» **WHAT IS NEEDED**
Could you copy out all the lines in the material below where the word "expnD" occurs?
Segment Start: GIVEN DATA
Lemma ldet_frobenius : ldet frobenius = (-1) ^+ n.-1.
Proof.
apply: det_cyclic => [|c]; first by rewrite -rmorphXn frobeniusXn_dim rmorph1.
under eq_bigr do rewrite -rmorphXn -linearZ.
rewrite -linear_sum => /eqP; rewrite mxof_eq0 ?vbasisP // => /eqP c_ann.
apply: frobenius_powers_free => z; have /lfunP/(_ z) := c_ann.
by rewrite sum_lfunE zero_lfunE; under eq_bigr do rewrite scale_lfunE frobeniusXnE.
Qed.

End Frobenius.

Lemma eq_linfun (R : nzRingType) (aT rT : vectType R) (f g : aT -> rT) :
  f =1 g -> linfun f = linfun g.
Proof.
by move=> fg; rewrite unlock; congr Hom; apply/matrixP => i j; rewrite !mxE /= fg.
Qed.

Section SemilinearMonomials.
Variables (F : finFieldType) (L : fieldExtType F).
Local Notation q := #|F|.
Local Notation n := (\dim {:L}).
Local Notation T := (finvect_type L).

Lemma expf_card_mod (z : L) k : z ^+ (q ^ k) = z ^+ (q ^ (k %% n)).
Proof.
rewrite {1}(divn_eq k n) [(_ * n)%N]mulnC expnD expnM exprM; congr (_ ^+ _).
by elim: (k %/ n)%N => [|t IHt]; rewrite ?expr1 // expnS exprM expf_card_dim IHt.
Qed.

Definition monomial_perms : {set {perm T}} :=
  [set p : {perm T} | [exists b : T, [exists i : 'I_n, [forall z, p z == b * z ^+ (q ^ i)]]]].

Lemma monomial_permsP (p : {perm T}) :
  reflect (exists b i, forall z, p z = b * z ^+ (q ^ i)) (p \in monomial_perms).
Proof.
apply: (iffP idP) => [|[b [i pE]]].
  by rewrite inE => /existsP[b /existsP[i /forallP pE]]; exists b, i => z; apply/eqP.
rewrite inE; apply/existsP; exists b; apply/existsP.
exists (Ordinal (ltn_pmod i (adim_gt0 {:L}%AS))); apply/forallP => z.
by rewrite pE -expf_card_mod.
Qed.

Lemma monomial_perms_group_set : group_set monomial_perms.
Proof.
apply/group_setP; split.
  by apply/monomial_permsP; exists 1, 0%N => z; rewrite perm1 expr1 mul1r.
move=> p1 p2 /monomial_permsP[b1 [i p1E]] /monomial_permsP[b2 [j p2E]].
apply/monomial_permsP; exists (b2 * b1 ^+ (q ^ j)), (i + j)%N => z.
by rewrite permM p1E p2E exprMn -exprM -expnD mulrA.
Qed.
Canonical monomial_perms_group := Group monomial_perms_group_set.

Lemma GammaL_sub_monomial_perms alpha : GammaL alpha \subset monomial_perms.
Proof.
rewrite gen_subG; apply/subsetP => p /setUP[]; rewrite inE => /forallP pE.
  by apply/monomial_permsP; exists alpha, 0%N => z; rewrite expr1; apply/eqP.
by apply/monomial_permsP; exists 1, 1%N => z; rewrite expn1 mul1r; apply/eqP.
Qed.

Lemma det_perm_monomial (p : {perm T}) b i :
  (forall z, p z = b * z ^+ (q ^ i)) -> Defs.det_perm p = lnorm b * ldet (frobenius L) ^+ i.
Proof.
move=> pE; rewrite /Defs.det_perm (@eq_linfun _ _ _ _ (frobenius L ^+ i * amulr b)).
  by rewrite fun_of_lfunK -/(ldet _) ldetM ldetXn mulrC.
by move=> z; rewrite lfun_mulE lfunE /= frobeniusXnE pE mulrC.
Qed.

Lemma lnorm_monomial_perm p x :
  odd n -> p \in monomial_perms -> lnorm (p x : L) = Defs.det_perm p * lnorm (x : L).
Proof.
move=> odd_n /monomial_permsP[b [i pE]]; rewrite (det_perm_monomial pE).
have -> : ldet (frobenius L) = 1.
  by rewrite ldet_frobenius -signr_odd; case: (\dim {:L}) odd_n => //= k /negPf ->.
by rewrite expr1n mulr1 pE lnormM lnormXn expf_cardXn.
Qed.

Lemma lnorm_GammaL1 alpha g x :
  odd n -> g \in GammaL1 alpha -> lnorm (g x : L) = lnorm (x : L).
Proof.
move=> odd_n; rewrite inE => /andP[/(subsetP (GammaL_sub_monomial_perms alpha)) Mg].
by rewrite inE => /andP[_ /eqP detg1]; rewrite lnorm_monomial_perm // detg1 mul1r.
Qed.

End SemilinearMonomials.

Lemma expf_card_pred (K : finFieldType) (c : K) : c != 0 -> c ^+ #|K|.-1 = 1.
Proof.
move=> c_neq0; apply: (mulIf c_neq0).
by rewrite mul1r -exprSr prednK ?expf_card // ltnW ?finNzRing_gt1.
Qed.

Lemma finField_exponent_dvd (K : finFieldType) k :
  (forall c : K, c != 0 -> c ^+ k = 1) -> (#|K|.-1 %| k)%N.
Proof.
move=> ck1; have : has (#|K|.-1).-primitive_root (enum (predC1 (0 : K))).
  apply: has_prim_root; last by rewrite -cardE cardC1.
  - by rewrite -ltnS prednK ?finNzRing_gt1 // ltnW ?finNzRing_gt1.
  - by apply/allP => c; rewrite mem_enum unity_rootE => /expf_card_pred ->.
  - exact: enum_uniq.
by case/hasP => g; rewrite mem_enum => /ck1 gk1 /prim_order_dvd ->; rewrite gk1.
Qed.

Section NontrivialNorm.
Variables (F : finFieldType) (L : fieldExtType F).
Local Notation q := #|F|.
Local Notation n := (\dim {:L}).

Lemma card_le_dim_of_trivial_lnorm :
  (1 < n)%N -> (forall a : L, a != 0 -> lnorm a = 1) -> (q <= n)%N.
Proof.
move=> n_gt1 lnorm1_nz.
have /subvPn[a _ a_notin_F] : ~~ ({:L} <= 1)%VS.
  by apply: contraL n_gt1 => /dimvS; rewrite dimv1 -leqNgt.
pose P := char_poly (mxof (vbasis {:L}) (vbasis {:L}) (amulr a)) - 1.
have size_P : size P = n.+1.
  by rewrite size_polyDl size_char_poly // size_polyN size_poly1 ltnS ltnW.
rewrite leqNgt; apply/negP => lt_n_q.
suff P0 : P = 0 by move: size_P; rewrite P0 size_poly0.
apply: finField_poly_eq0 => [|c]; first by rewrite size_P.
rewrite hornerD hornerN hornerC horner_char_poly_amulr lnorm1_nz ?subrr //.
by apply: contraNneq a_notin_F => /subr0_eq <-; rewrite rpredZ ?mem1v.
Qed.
Segment End: GIVEN DATA
Segment Start: GIVEN DATA
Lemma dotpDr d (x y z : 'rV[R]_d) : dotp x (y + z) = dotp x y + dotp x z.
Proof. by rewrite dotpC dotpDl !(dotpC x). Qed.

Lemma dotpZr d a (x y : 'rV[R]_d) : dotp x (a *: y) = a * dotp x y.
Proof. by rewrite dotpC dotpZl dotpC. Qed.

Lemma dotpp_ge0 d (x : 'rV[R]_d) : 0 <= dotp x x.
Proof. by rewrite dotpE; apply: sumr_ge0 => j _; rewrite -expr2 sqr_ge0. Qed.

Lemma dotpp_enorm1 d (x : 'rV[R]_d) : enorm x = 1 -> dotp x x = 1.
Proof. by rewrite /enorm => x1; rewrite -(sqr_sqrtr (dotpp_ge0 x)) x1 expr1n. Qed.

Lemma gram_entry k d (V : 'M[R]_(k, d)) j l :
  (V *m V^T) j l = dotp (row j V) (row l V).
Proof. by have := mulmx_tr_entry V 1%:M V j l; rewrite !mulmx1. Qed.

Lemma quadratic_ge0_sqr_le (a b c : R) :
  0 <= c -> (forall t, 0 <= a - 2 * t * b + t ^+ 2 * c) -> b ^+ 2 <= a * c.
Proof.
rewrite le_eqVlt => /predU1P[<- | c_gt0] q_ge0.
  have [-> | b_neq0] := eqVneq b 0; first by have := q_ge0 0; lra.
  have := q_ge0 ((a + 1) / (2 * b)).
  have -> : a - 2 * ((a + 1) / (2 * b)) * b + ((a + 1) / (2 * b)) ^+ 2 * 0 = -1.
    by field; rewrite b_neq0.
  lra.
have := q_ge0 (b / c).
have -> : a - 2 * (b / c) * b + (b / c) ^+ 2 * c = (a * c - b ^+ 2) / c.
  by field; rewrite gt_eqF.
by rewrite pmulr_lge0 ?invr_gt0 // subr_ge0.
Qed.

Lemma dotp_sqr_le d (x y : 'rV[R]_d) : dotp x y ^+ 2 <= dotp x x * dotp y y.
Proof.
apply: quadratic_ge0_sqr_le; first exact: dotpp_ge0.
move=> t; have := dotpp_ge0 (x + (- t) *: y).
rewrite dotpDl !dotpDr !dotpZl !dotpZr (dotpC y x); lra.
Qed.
Segment End: GIVEN DATA
» **TASK ANSWER**
rewrite {1}(divn_eq k n) [(_ * n)%N]mulnC expnD expnM exprM; congr (_ ^+ _).
by rewrite permM p1E p2E exprMn -exprM -expnD mulrA.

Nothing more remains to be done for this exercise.